DaveB: I sharpen my knives when they seem to need it. The steel only "refreshs" an existing edge. Once the edge is worn or damaged, it's time to sharpen the knife. If you use a reciprocating diamond honer, such as the one illustrated in the article, you won't be removing much metal when you sharpen your knives. It is coarse whet stones that grind away the metal. Some people are now using "steels" coated with a fine diamond abrasive as sort of a middle ground before putting the knive to a sharpener.

KyleW: I agree, there's a certain Zen to preparing large quantities of mirepoix!


----------



## isa (Apr 4, 2000)

Many culinary activities are zen, making bread, pastries....


----------



## daveb (May 1, 2001)

Thanks, Bouland. After reading your article, I decided to get myself a diamond hone.


----------



## chefboy2160 (Oct 13, 2001)

Hey Bouland great thread . I guess Ill add my 2 Pesos and state that I feel knife skills are one of the most important things you can master as a true working chef . Unfortunatley I was unable to go yo culinary school but I apprenticed myself to some very good european chefs at the start of my career and I was given proper direction from the get go . This ability to use a knife with speed and skill has helped my carreer tremondously. 
I know how frustrating it is to see a T.V. chef who does not know even the proper knife for the job , or an attempt at using a steel
properly(OK Im going to say it , I saw Martha Stewart try to use a steel and it was scary).
As far as knife brands go I realy like Forschners . Most chefs in my area use them and for heavy knife work I just love the balance .
the easily maintaned sharp edge and the feel of it in my hand .
I think I am getting a little emotional now but my knives are my babies and I take care of them and they take care of me.
Happy Holidays..


----------



## roon (Jan 9, 2002)

Thank you, bouland, for the wonderful article! I'm no chef, but I love cooking and have always known that my knife skills were woefully lacking. You've given me a wealth of information to help me begin with- thank you again!


----------



## sdelhi79 (Nov 1, 2007)

I have taking Culinary Arts at a vocational school while in High school and they taught me how to take care of my knives and how to hone it and described everything you should and shouldn't do but they don't do it in college. In college they do the same thing and ppl are required to take sanitation and become ServSafe certified. I am already so I don't need to take it but yea.. we also spent an horu and each knife cut and learned to do it fast


----------



## adamm (Jul 16, 2005)

The only thing they taught about knives at my culinary school was how to use a steel, the one chef showed briefly how to use a stone but wasnt in depth, he just showed us to go back and forth about 40 times on each stone working to finer stones each tome, which doesnt get your knives as sharp as they could be. being the person that i am i found out on my own how to make knives really sharp on my own on the internet.


----------



## ghettoracingkid (Feb 19, 2007)

my first class which was nothing but knife skills lasted 11 weeks. We did it all and pat pat pat i good pretty good knife skills. my tourne could use some practice but its still not half bad.
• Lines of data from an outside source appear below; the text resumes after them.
(* Algebraic j-linear maps X^j -> Y (X^j encoded as 'I_j -> X):
   additive and homogeneous in each coordinate separately. *)
Definition multilinear (K : numFieldType) (X Y : normedModType K) (j : nat)
    (A : ('I_j -> X) -> Y) : Prop :=
  forall (i : 'I_j) (v : 'I_j -> X) (a : K) (x y : X),
    A (fun l => if l == i then a *: x + y else v l)
    = a *: A (fun l => if l == i then x else v l)
      + A (fun l => if l == i then y else v l).

(* P \in P(^j X; Y): P is continuous and P(x) = A(x,...,x) for some
   j-linear map A (Mujica's definition). *)
Definition hpoly (K : numFieldType) (X Y : normedModType K) (j : nat)
    (P : X -> Y) : Prop :=
  continuous P /\
  exists A : ('I_j -> X) -> Y, multilinear A /\ forall x, P x = A (fun _ => x).

Definition Delta (K : numFieldType) (E F : normedModType K) (n : nat)
    (P : E -> F) : (F -> K) -> (E -> K) :=
  fun q x => (q (P x)) ^+ n.

(* Injectivity of P |-> Delta^n_k P on P(^m E; F), where Delta^n_k P is
   a map on P(^k F) (two such maps are equal iff they agree on every
   q in P(^k F)). *)
Definition Delta_injective (K : numFieldType) (E F : normedModType K)
    (m n k : nat) : Prop :=
  forall P1 P2 : E -> F, hpoly m P1 -> hpoly m P2 ->
    (forall q : F -> K, hpoly k q -> Delta n P1 q = Delta n P2 q) ->
    P1 = P2.

From HB Require Import structures.
From mathcomp Require Import all_boot all_order all_algebra.
From mathcomp Require Import all_classical all_reals all_analysis.
From mathcomp.real_closed Require Import complex.
From mathcomp Require Import lra.
Import numFieldNormedType.Exports.
Import Order.TTheory GRing.Theory Num.Theory.
Local Open Scope ring_scope.
Local Open Scope classical_set_scope.

(* If [P1 x != P2 x], the Hahn-Banach theorem gives a continuous linear
   functional [f] on [F] with [f (P1 x - P2 x) != 0].  Then [q := f ^+ k] is a
   k-homogeneous polynomial and [Delta n Pi q x = f (Pi x) ^+ (k * n)].  Over
   the reals with [k * n] odd, and trivially when [k = n = 1], the map
   [t |-> t ^+ (k * n)] is injective, so [f (P1 x) = f (P2 x)]: contradiction.
   Hahn-Banach is proved with Zorn's lemma on graphs of dominated partial
   functionals; over [C] one applies it to the underlying real space and
   complexifies the resulting [u] into [v |-> u v - i u (i v)]. *)

Section HahnBanach.
Context (R : realType) (V : lmodType R) (p : V -> R).
Hypothesis pD : forall x y, p (x + y) <= p x + p y.
Hypothesis pZ : forall t x, p (t *: x) = `|t| * p x.

Lemma seminorm0 : p 0 = 0.
Proof. by rewrite -(scale0r (0 : V)) pZ normr0 mul0r. Qed.

Lemma seminormN x : p (- x) = p x.
Proof. by rewrite -scaleN1r pZ normrN normr1 mul1r. Qed.

Lemma seminorm_ge0 x : 0 <= p x.
Proof. by have := pD x (- x); rewrite subrr seminorm0 seminormN; lra. Qed.

(* A linear functional on a subspace, dominated by [p], encoded by its graph;
   the subspace is the first projection of the graph. *)
Definition dominated_graph (S : set (V * R)) :=
  [/\ forall x a y b, S (x, a) -> S (y, b) -> S (x + y, a + b),
      forall t x a, S (x, a) -> S (t *: x, t * a) &
      forall x a, S (x, a) -> a <= p x].

Definition graph_extension (S : set (V * R)) (x0 : V) (c : R) :=
  [set u | exists x a t, S (x, a) /\ u = (x + t *: x0, a + t * c)].

Lemma sub_graph_extension S x0 c : S `<=` graph_extension S x0 c.
Proof. by move=> [x a] Sxa; exists x, a, 0; rewrite scale0r mul0r !addr0. Qed.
knife kit cost like $1200 in tution and they are garbage. I ended up buying alot of my own knifes and stuff that more or less fit me.


----------



## adamm (Jul 16, 2005)

Just your knives cost 1200? We had a package that cost 1200 and that included all books, uniforms, and knives. But the knives were crappy so, like you i end up buy pretty much a new set of knives before externship.


----------



## gunther_arneson (Oct 20, 2007)

Have any of you guys ever heard of Atlanta cutlery? They make great knives...wondering if anyone ever uses them out in the professional realm.


----------



## ghettoracingkid (Feb 19, 2007)

It was the knives with a bunch of stuff, the knife bag, I think the 3 jackets, 3 pants and stuff was included but I might be wrong it might have been a sperate part of the tution.


----------



## marye (Sep 20, 2007)

Bouland, I enjoyed your knife article.


----------



## castironchef (Oct 10, 2005)

There are WAY worse people on TV that you could have learned from. Pepin is a freakin' master.


----------



## heavyg (Nov 6, 2007)

Working on some knife skills video for the website... hope to have them up by January.

G.


----------



## elliottdp (Nov 8, 2007)

For about a 1+ years I've been reading up on knives, quality, metals, etc.
(Yes, I'm anal retentive)


SPECIFICALLY(please), where can one "try out" knives before they purchase?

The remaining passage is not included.